エラが言うように、キランを渡すべきなのだろうか。それとも、このまま自分が彼女を守り続けるべきなのか。
どちらを選んでも、何かを失うような気がして、シュヴァイツァーはその決断を下すことができずにいた。
エラの「傷を治す心当たりがある」という言葉にも、何か裏があるように感じていた。その具体的な方法も、あの女は最後までなにも話さなかった。彼女が本当にキランを引き取ることが最善なのか、それとも自分が彼女を守りながら、彼女の成長を見守るべきなのか。
シュヴァイツァーは再びグラスを手に取ると、今度は少しだけ多めに注いだ。手がわずかに震えていることに気づき、彼はそれを気にしながらも、再び一口飲み干した。

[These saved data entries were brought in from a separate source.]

Lemma transmission_bounds (pm : R) (Hp : 0 < pm <= / 2) (H : schema) :
  forall u v, length u = length H -> length v = length H ->
  pm ^ ord H <= transmission pm H u v /\
  (matchesb H u = true -> (/ 2) ^ ord H <= transmission pm H u v) /\
  (matchesb H u = true -> matchesb H v = true ->
     (1 - pm) ^ ord H <= transmission pm H u v).
Proof.
  induction H as [|h H IH]; intros [|x u] [|y v] Hu Hv; try discriminate.
  { rewrite transmission_nil; unfold ord; simpl; lra. }
  injection Hu as Hu; injection Hv as Hv.
  destruct (IH u v Hu Hv) as [T3 [T2 T1]].
  rewrite transmission_cons, !matchesb_cons.
  destruct h as [t|].
  - destruct (coord_transmission_fixed pm t x y Hp) as [C3 [C2 C1]].
    rewrite ord_cons_fixed; cbn [pow].
    assert (0 <= pm ^ ord H) by (apply pow_le; lra).
    assert (0 <= (/ 2) ^ ord H) by (apply pow_le; lra).
    assert (0 <= (1 - pm) ^ ord H) by (apply pow_le; lra).
    repeat split.
    + apply Rmult_le_compat; lra.
    + intros [Fx Mu]%andb_prop; apply Rmult_le_compat; auto; lra.
    + intros [Fx Mu]%andb_prop [Fy Mv]%andb_prop; apply Rmult_le_compat; auto; lra.
  - rewrite coord_transmission_wildcard, ord_cons_wildcard, Rmult_1_l; cbn [fits andb].
    auto.
Qed.

Lemma transmission_case_bound (pm : R) (H : schema) (u v : model) :
  0 < pm <= / 2 -> length u = length H -> length v = length H ->
  let iu := indicator (matchesb H u) in
  let iv := indicator (matchesb H v) in
  iu * iv * (1 - pm) ^ ord H + iu * (1 - iv) * (/ 2) ^ ord H + (1 - iu) * pm ^ ord H
  <= transmission pm H u v.
Proof.
  intros Hp Hu Hv iu iv; unfold iu, iv, indicator.
  destruct (transmission_bounds pm Hp H u v Hu Hv) as [T3 [T2 T1]].
  destruct (matchesb H u), (matchesb H v);
    [specialize (T1 eq_refl eq_refl) | specialize (T2 eq_refl) | |]; lra.
Qed.

Lemma alpha_mean (pm : R) (f : model -> R) (pop : list model) (H : schema) :
  alpha (length H) pm f pop H =
  mean (seq 0 (length pop)) (sel_weight f pop) (fun k =>
    mean (seq 0 (length pop)) (sel_weight f pop) (fun l =>
      transmission pm H (nth k pop []) (nth l pop []))).
Proof.
  unfold alpha, mean, transmission, mutation_match; f_equal; apply map_ext; intros k.
  apply sumR_map_scale; intros l.
  set (u := nth k pop []); set (v := nth l pop []).
  rewrite (sumR_map_scale _ _
    (fun m => sumR (map (fun z => mut_prob pm z * indicator (matchesb H (mutate z (crossover m u v))))
                        (all_bits (length H))))
    (sel_weight f pop k * sel_weight f pop l * (/ 2) ^ length H)).
  - ring.
  - intros m; apply sumR_map_scale; intros z; ring.
Qed.

Theorem corollary3p4 (d : nat) (pop : list model) (f : model -> R) (pm : R) (H : schema) :
  (1 <= length pop)%nat ->
  Forall (fun u => length u = d) pop ->
  length H = d ->
  0 < pm <= / 2 ->
  alpha d pm f pop H >=
    (1 - pm) ^ ord H * (alpha_sel f pop H) ^ 2
    + (/ 2) ^ ord H * alpha_sel f pop H * (1 - alpha_sel f pop H)
    + (1 - alpha_sel f pop H) ^ 2 * pm ^ ord H.
Proof.
  intros Hn Hlen HH Hp; subst d.
  set (idx := seq 0 (length pop)).
  set (w := sel_weight f pop).
  assert (Hw : forall k, 0 <= w k) by (intros k; apply sel_weight_nonneg, Hn).
  assert (Hw1 : sumR (map w idx) = 1) by (apply sel_weight_total, Hn).
  assert (Hlen_idx : forall k, In k idx -> length (nth k pop []) = length H).
  { intros k Hk; apply in_seq in Hk.
    rewrite Forall_forall in Hlen; apply Hlen, nth_In; lia. }
  assert (Ha : 0 <= alpha_sel f pop H <= 1) by (apply alpha_sel_unit_interval, Hn).
  assert (Hbound : alpha (length H) pm f pop H >=
    (1 - pm) ^ ord H * alpha_sel f pop H ^ 2
    + (/ 2) ^ ord H * alpha_sel f pop H * (1 - alpha_sel f pop H)
    + pm ^ ord H * (1 - alpha_sel f pop H)).
  { rewrite alpha_mean, alpha_sel_mean; fold idx w.
    rewrite <- mean_case_bound by assumption.
    apply Rle_ge, mean_le; auto; intros k Hk.
    apply mean_le; auto; intros l Hl.
    apply transmission_case_bound; auto. }
  assert (0 <= pm ^ ord H) by (apply pow_le; lra).
  assert (pm ^ ord H * (1 - alpha_sel f pop H) ^ 2 <= pm ^ ord H * (1 - alpha_sel f pop H))
    by (apply Rmult_le_compat_l; nra).
  lra.
Qed.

キランの未来をどう切り開くべきか、その答えは自分の中に見つからなかった。自分の元にいては魔術の才能を伸ばしてやることは叶わない。
「オレがキランの、本当の父親だったらなぁ……」
シュヴァイツァーは小さく呟いた。その声は、空虚な部屋に響くだけで、何の答えも返ってこなかった。

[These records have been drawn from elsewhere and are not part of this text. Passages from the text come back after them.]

Definition zQ r (z : 'rV[int]_r) : 'rV[rat]_r := map_mx (fun k : int => k%:~R) z.

Lemma qR_zQ (R : realType) r (z : 'rV[int]_r) : qR R (zQ z) = zR R z.
Proof. by apply/rowP => i; rewrite !mxE ratr_int. Qed.

(* Generators with [g = 0], i.e. on the ray of [m], are replaced by [xstar]
   so that every base point is defined. *)
Definition base_gen r (g xstar x : 'rV[int]_r) := if 0 < zdot g x then x else xstar.

(* For [h m = 1], [g m = 0] and [a = h + c g], the point
   [(y - h(y) m) / (c g(y))] is where the ray in [a = 1] from [m] through
   [y / a(y)] meets the face [h = 0]. *)
Definition base_pointQ r (m h g : 'rV[int]_r) (c : nat) (y : 'rV[int]_r) : 'rV[rat]_r :=
  (c%:R * (zdot g y)%:~R)^-1 *: (zQ y - (zdot h y)%:~R *: zQ m).

Definition pyramid_base r (m h g : 'rV[int]_r) c xstar (xs : seq 'rV[int]_r) :=
  [seq base_pointQ m h g c (base_gen g xstar x) | x <- xs].

Lemma qR_base_point (R : realType) r (m h g : 'rV[int]_r) c y :
  qR R (base_pointQ m h g c y) =
  (c%:R * (zdot g y)%:~R)^-1 *: (zR R y - (zdot h y)%:~R *: zR R m).
Proof.
apply/rowP => i; rewrite !mxE.
by rewrite rmorphM fmorphV rmorphB !rmorphM !rmorph_int rmorph_nat.
Qed.

Lemma zdot_nth_ge0 r (L : 'rV[int]_r) (xs : seq 'rV[int]_r) i :
  (forall x, x \in xs -> 0 <= zdot L x) -> 0 <= zdot L xs`_i.
Proof.
move=> Lxs; case: (ltnP i (size xs)) => [lt_i|ge_i]; first by rewrite Lxs ?mem_nth.
by rewrite nth_default // zdot0r.
Qed.

Lemma mem_gens r (M : 'rV[int]_r -> Prop) (xs : seq 'rV[int]_r) :
  (forall z, M z <-> exists cf : 'I_(size xs) -> nat, z = \sum_(i < size xs) xs`_i *+ cf i) ->
  forall x, x \in xs -> M x.
Proof.
move=> Mgen x x_in; apply/Mgen; have lt_x : (index x xs < size xs)%N by rewrite index_mem.
exists (fun j => (j == Ordinal lt_x) : nat).
rewrite (bigD1 (Ordinal lt_x)) //= eqxx mulr1n nth_index // big1 ?addr0 //.
by move=> j /negbTE ->; rewrite mulr0n.
Qed.

Section Pyramid.
Variables (R : realType) (r : nat) (M : 'rV[int]_r -> Prop) (xs : seq 'rV[int]_r).
Variables (m aZ hZ gZ xstar : 'rV[int]_r) (c : nat).
Hypothesis Mgen : forall z, M z <->
  exists cf : 'I_(size xs) -> nat, z = \sum_(i < size xs) xs`_i *+ cf i.
Hypothesis Mm : M m.
Hypothesis c_gt0 : (0 < c)%N.
Hypothesis aZE : aZ = hZ + gZ *+ c.
Hypothesis hm1 : zdot hZ m = 1.
Hypothesis gm0 : zdot gZ m = 0.
Hypothesis g_gt0_or_ray : forall x, x \in xs -> 0 < zdot gZ x \/ exists k, x = m *+ k.
Hypothesis h_ge0 : forall x, x \in xs -> 0 <= zdot hZ x.
Hypothesis xstar_in : xstar \in xs.
Hypothesis g_xstar_gt0 : 0 < zdot gZ xstar.

Local Notation vec := 'rV[R]_r.
Local Notation v := (zR R m).
Local Notation fa y := (dot (zR R aZ) y).
Local Notation fh y := (dot (zR R hZ) y).
Local Notation H := (@hyperplane R r (zQ aZ) 1).
Local Notation n := (size xs).
Local Notation bp y := (qR R (base_pointQ m hZ gZ c y)).
Local Notation Q i := (bp (base_gen gZ xstar xs`_i)).
Local Notation base := (pyramid_base m hZ gZ c xstar xs).
Local Notation D := (@pyramid R r v base).
Local Notation F := (@facet_opp R r base).

Lemma hyperplaneE y : H y <-> fa y = 1.
Proof. by rewrite /hyperplane qR_zQ rmorph1. Qed.

Lemma zdot_aE x : zdot aZ x = zdot hZ x + zdot gZ x *+ c.
Proof. by rewrite aZE zdotDl zdotMnl. Qed.

Lemma intr_zdot_a x : ((zdot aZ x)%:~R : R) = (zdot hZ x)%:~R + c%:R * (zdot gZ x)%:~R.
Proof. by rewrite zdot_aE rmorphD rmorphMn mulr_natl. Qed.

Lemma zdot_am : zdot aZ m = 1.
Proof. by rewrite zdot_aE hm1 gm0 mul0rn addr0. Qed.

Lemma fa_v : fa v = 1.
Proof. by rewrite dot_zR zdot_am. Qed.

Lemma fh_v : fh v = 1.
Proof. by rewrite dot_zR hm1. Qed.

Lemma zdot_g_ge0 x : x \in xs -> 0 <= zdot gZ x.
Proof. by move=> /g_gt0_or_ray [/ltW //|[k ->]]; rewrite zdotMnr gm0 mul0rn. Qed.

ウィスキーを一気に飲み干すと、彼は深いため息をつき、グラスをテーブルに置いた。
窓の外を見上げると、月明かりが静かに街を照らしていた。夜の冷たい空気が、彼の心をさらに重くしていくように感じられた。選ばなければならない道は、どれも簡単ではない。だが、キランを守るために、どんな選択をしても後悔しないようにしなければならない。
「……神明様。久しぶりにアンタに祈るぞ。オレのことはいいから、キランには幸せな道を用意してやってくれよ。頼む、オレにできることは何もないが、せめて、せめて――」
シュヴァイツァーは祈りの手を組んで静かに呟き、目を閉じた。